*Provided information*
(* Let $q$ be a prime power, $u,v$ non-zero in $\mathbb{F}_q$, and write $\mathrm{Rad}(q-1)=k\,p_1\cdots p_s$ with $k$ a divisor and $p_1,\ldots,p_s$ distinct primes. Let $\delta_2=1-2\sum_{i=1}^s 1/p_i$ and $M=M_{q-1,q-1}$. Then $$M\geq \sum_{i=1}^s\{[M_{p_ik,k}-\theta(p_i)M_{k,k}]+[M_{k,p_ik}-\theta(p_i)M_{k,k}]\}+\delta_2M_{k,k}.$$
   Context: $\mathrm{Rad}(m)$ is the product of the distinct primes dividing $m$; $\theta(m)=\phi(m)/m$. For a divisor $e$ of $q-1$, a non-zero $a\in\mathbb{F}_q$ is $e$-free if $a=b^d$ with $b\in\mathbb{F}_q$, $d\mid e$ implies $d=1$ (primitive means $(q-1)$-free). For divisors $e_1,e_2$ of $q-1$, $M_{e_1,e_2}$ is the number of non-zero $a\in\mathbb{F}_q$ such that $a$ is $e_1$-free and $ua+va^{-1}$ is (non-zero and) $e_2$-free; thus $M_{q-1,q-1}$ is the number of primitive $a$ with $ua+va^{-1}$ primitive. *)

From mathcomp Require Import all_boot all_order all_algebra all_field.
Set Implicit Arguments. Unset Strict Implicit. Unset Printing Implicit Defensive.
Import Order.TTheory GRing.Theory Num.Theory.
Local Open Scope ring_scope.

Definition Rad (m : nat) : nat := (\prod_(p <- primes m) p)%N.

Definition theta (m : nat) : rat := (totient m)%:R / m%:R.

(* a is e-free : a <> 0 and (a = b^d with d | e) implies d = 1.
   Divisors d of e (e > 0) satisfy d <= e, so d ranges over 'I_e.+1. *)
Definition efree (F : finFieldType) (e : nat) (a : F) : bool :=
  (a != 0) &&
  [forall d : 'I_e.+1,
     ((d %| e)%N && [exists b : F, a == b ^+ d]) ==> (d == 1%N :> nat)].

Definition Mcount (F : finFieldType) (u v : F) (e1 e2 : nat) : nat :=
  #|[set a : F | (a != 0) && efree e1 a && efree e2 (u * a + v * a^-1)]|.

From mathcomp Require Import all_boot all_order all_algebra all_field.
From mathcomp Require Import ring.
Set Implicit Arguments. Unset Strict Implicit. Unset Printing Implicit Defensive.
Import Order.TTheory GRing.Theory Num.Theory.
Local Open Scope ring_scope.

(* Being [e]-free only depends on the prime divisors of [e].  Hence [M_{q-1,q-1}]
   counts the elements [a] of the set [S] counted by [M_{k,k}] such that, for
   every [i], both [a] and [u a + v a^-1] are [p_i]-free.  The rest of [S] is
   covered by the [2s] sets of elements failing one of these conditions, of
   sizes [M_{k,k} - M_{p_i k,k}] and [M_{k,k} - M_{k,p_i k}]; since
   [theta(p) = 1 - 1/p], this union bound is the claimed inequality. *)

Lemma Rad_gt0 (m : nat) : (0 < Rad m)%N.
Proof.
by rewrite /Rad big_seq prodn_cond_gt0 // => p; rewrite mem_primes => /andP[/prime_gt0].
Qed.

Lemma primes_Rad (m : nat) : primes (Rad m) =i primes m.
Proof.
move=> r; rewrite mem_primes Rad_gt0 /=.
apply/andP/idP => [[r_pr] | r_in]; last first.
  by move: (r_in); rewrite mem_primes => /andP[-> _]; rewrite /Rad (big_rem r) ?dvdn_mulr.
rewrite /Rad Euclid_dvd_prod // big_has => /hasP[p p_in].
have p_pr : prime p by move: p_in; rewrite mem_primes => /andP[].
by rewrite dvdn_prime2 // => /eqP->.
Qed.

Lemma theta_prime (p : nat) : prime p -> theta p = 1 - p%:R^-1.
Proof.
move=> p_pr; rewrite /theta totient_prime // -subn1 natrB ?prime_gt0 //.
by rewrite mulrBl mul1r divff // pnatr_eq0 -lt0n prime_gt0.
Qed.

Lemma leq_card_sieve (T : finType) (I : Type) (s : seq I) (S : {set T}) (X : I -> {set T}) :
  (#|S| <= #|S :&: \bigcap_(i <- s) X i| + \sum_(i <- s) #|S :\: X i|)%N.
Proof.
elim: s => [|i s IH]; first by rewrite !big_nil setIT addn0.
rewrite !big_cons addnA; apply: (leq_trans IH); rewrite leq_add2r.
rewrite -(cardsID (X i) (S :&: _)) setIAC -setIA leq_add2l.
exact/subset_leq_card/setSD/subsetIl.
Qed.

Section FreeElements.

Variable F : finFieldType.
Implicit Types (a b : F) (e m n : nat).

Lemma efreeE e a : (0 < e)%N ->
  efree e a = (a != 0) && all (fun r => ~~ [exists b, a == b ^+ r]) (primes e).
Proof.
move=> e_gt0; congr (_ && _); apply/forallP/allP => [nopow r | nopow d].
  rewrite mem_primes => /and3P[r_pr _ r_dvd]; apply/negP => pow_r.
  have r_lt : (r < e.+1)%N by rewrite ltnS dvdn_leq.
  have /implyP := nopow (Ordinal r_lt); rewrite /= r_dvd pow_r => /(_ isT) /eqP r1.
  by rewrite r1 in r_pr.
apply/implyP => /andP[d_dvd /existsP[b /eqP a_pow]]; apply/negPn/negP => d_neq1.
have d_gt1 : (1 < d)%N by rewrite ltn_neqAle eq_sym d_neq1 (dvdn_gt0 e_gt0 d_dvd).
have pd_in : pdiv d \in primes e.
  by rewrite mem_primes pdiv_prime // e_gt0 (dvdn_trans (pdiv_dvd d) d_dvd).
move/negP: (nopow _ pd_in); apply; apply/existsP; exists (b ^+ (d %/ pdiv d)).
by rewrite a_pow -exprM divnK ?pdiv_dvd.
Qed.

Lemma eq_efree e1 e2 a : (0 < e1)%N -> (0 < e2)%N -> primes e1 =i primes e2 ->
  efree e1 a = efree e2 a.
Proof. by move=> e1_gt0 e2_gt0 eq_pr; rewrite !efreeE // (eq_all_r eq_pr). Qed.

Lemma efreeM m n a : (0 < m)%N -> (0 < n)%N ->
  efree (m * n) a = efree m a && efree n a.
Proof.
move=> m_gt0 n_gt0; have mn_gt0 : (0 < m * n)%N by rewrite muln_gt0 m_gt0.
have pr_mn : primes (m * n) =i primes m ++ primes n.
  by move=> r; rewrite mem_cat primesM.
by rewrite !efreeE // (eq_all_r pr_mn) all_cat andbACA andbb.
Qed.

Lemma efree_Rad e a : (0 < e)%N -> efree (Rad e) a = efree e a.
Proof. by move=> e_gt0; apply: eq_efree (Rad_gt0 e) e_gt0 (primes_Rad e). Qed.

Variables u v : F.

Definition Mset e1 e2 : {set F} :=
  [set a | (a != 0) && efree e1 a && efree e2 (u * a + v * a^-1)].

Lemma McountE e1 e2 : Mcount u v e1 e2 = #|Mset e1 e2|.
Proof. by []. Qed.

Lemma MsetM e1 e2 m n : (0 < e1)%N -> (0 < e2)%N -> (0 < m)%N -> (0 < n)%N ->
  Mset (m * e1) (n * e2) = Mset e1 e2 :&: Mset m n.
Proof.
move=> e1_gt0 e2_gt0 m_gt0 n_gt0; apply/setP => a; rewrite !inE !efreeM //.
by case: (a != 0); case: (efree e1 a); case: (efree m a) => //=; rewrite andbC.
Qed.

Lemma MsetMl e1 e2 m : (0 < e1)%N -> (0 < e2)%N -> (0 < m)%N ->
  Mset (m * e1) e2 = Mset e1 e2 :&: Mset m 1.
Proof. by move=> *; rewrite -{1}[e2]mul1n MsetM. Qed.

Lemma MsetMr e1 e2 n : (0 < e1)%N -> (0 < e2)%N -> (0 < n)%N ->
  Mset e1 (n * e2) = Mset e1 e2 :&: Mset 1 n.
Proof. by move=> *; rewrite -{1}[e1]mul1n MsetM. Qed.

Lemma Mset_Rad e1 e2 : (0 < e1)%N -> (0 < e2)%N -> Mset (Rad e1) (Rad e2) = Mset e1 e2.
Proof. by move=> e1_gt0 e2_gt0; apply/setP => a; rewrite !inE !efree_Rad. Qed.

Lemma Mset_prod e s : (0 < e)%N -> all (fun p => 0 < p)%N s ->
  Mset (e * \prod_(p <- s) p) (e * \prod_(p <- s) p)
    = Mset e e :&: \bigcap_(p <- s) (Mset p 1 :&: Mset 1 p).
Proof.
move=> e_gt0; elim: s => [|p s IH] /=; first by rewrite !big_nil muln1 setIT.
move=> /andP[p_gt0 s_gt0]; have eP_gt0 : (0 < e * \prod_(q <- s) q)%N.
  by rewrite muln_gt0 e_gt0 big_seq prodn_cond_gt0 // => q /(allP s_gt0).
have peP_gt0 : (0 < p * (e * \prod_(q <- s) q))%N by rewrite muln_gt0 p_gt0.
rewrite !big_cons mulnCA MsetMr // MsetMl // IH //.
by rewrite -setIA -setIA (setIC (\bigcap_(q <- s) _)).
Qed.

Lemma card_Mset_sieve e s : (0 < e)%N -> all (fun p => 0 < p)%N s ->
  (#|Mset e e| <= #|Mset (e * \prod_(p <- s) p) (e * \prod_(p <- s) p)|
                  + \sum_(p <- s) (#|Mset e e :\: Mset p 1| + #|Mset e e :\: Mset 1 p|))%N.
Proof.
move=> e_gt0 s_gt0; rewrite Mset_prod //.
apply: leq_trans (leq_card_sieve s _ (fun p => Mset p 1 :&: Mset 1 p)) _.
by rewrite leq_add2l; apply: leq_sum => p _; rewrite setDIr; apply: leq_card_setU.
Qed.

End FreeElements.

Lemma sum_sieve_weights (R : comPzRingType) (I : Type) (s : seq I) (c a b : I -> R) (x : R) :
  \sum_(i <- s) ((a i - (1 - c i) * x) + (b i - (1 - c i) * x))
    + (1 - 2 * \sum_(i <- s) c i) * x
  = x - \sum_(i <- s) ((x - a i) + (x - b i)).
Proof.
have -> : \sum_(i <- s) ((a i - (1 - c i) * x) + (b i - (1 - c i) * x))
          = 2 * (\sum_(i <- s) c i) * x - \sum_(i <- s) ((x - a i) + (x - b i)).
  elim: s => [|i s IH]; first by rewrite !big_nil; ring.
  by rewrite !big_cons IH; ring.
ring.
Qed.

Theorem lemma6p2 (F : finFieldType) (u v : F) (k : nat) (ps : seq nat) :
  u != 0 -> v != 0 ->
  uniq ps -> all prime ps ->
  Rad #|F|.-1 = (k * \prod_(p <- ps) p)%N ->
  let q1 := #|F|.-1 in
  let M := Mcount u v in
  let delta2 : rat := 1 - 2 * \sum_(p <- ps) (p%:R)^-1 in
  \sum_(p <- ps)
      (((M (p * k)%N k)%:R - theta p * (M k k)%:R)
       + ((M k (p * k)%N)%:R - theta p * (M k k)%:R))
    + delta2 * (M k k)%:R
  <= (M q1 q1)%:R.
Proof.
(* The bound holds for all [u], [v] and does not need [ps] to be duplicate-free. *)
move=> _ _ _ ps_prime Rad_q1; cbv zeta.
have q1_gt0 : (0 < #|F|.-1)%N by rewrite ltn_predRL card_finNzRing_gt1.
have k_gt0 : (0 < k)%N by move: (Rad_gt0 #|F|.-1); rewrite Rad_q1 muln_gt0 => /andP[].
have ps_gt0 : all (fun p => 0 < p)%N ps := sub_all (@prime_gt0) ps_prime.
set S := Mset u v k k.
have natr_cardsD (A : {set F}) : (#|S|%:R - #|S :&: A|%:R : rat) = #|S :\: A|%:R.
  by rewrite -(cardsID A S) natrD addrAC subrr add0r.
under eq_big_seq => p p_in.
  have [p_pr p_gt0] := (allP ps_prime p p_in, allP ps_gt0 p p_in).
  rewrite theta_prime // !McountE MsetMl // MsetMr //.
  over.
rewrite sum_sieve_weights.
under eq_bigr do rewrite !natr_cardsD -natrD.
rewrite -natr_sum lerBlDr -natrD ler_nat McountE -(Mset_Rad u v q1_gt0 q1_gt0) Rad_q1.
exact: card_Mset_sieve.
Qed.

*What needs to be done*
Repeat exactly the lines of the listing above, from the one with "move=> _ _ _ ps_prime Rad_q1; cbv zeta." down to the one with "have natr_cardsD (A"; both of those lines belong in the range.

*Response to the task*
move=> _ _ _ ps_prime Rad_q1; cbv zeta.
have q1_gt0 : (0 < #|F|.-1)%N by rewrite ltn_predRL card_finNzRing_gt1.
have k_gt0 : (0 < k)%N by move: (Rad_gt0 #|F|.-1); rewrite Rad_q1 muln_gt0 => /andP[].
have ps_gt0 : all (fun p => 0 < p)%N ps := sub_all (@prime_gt0) ps_prime.
set S := Mset u v k k.
have natr_cardsD (A : {set F}) : (#|S|%:R - #|S :&: A|%:R : rat) = #|S :\: A|%:R.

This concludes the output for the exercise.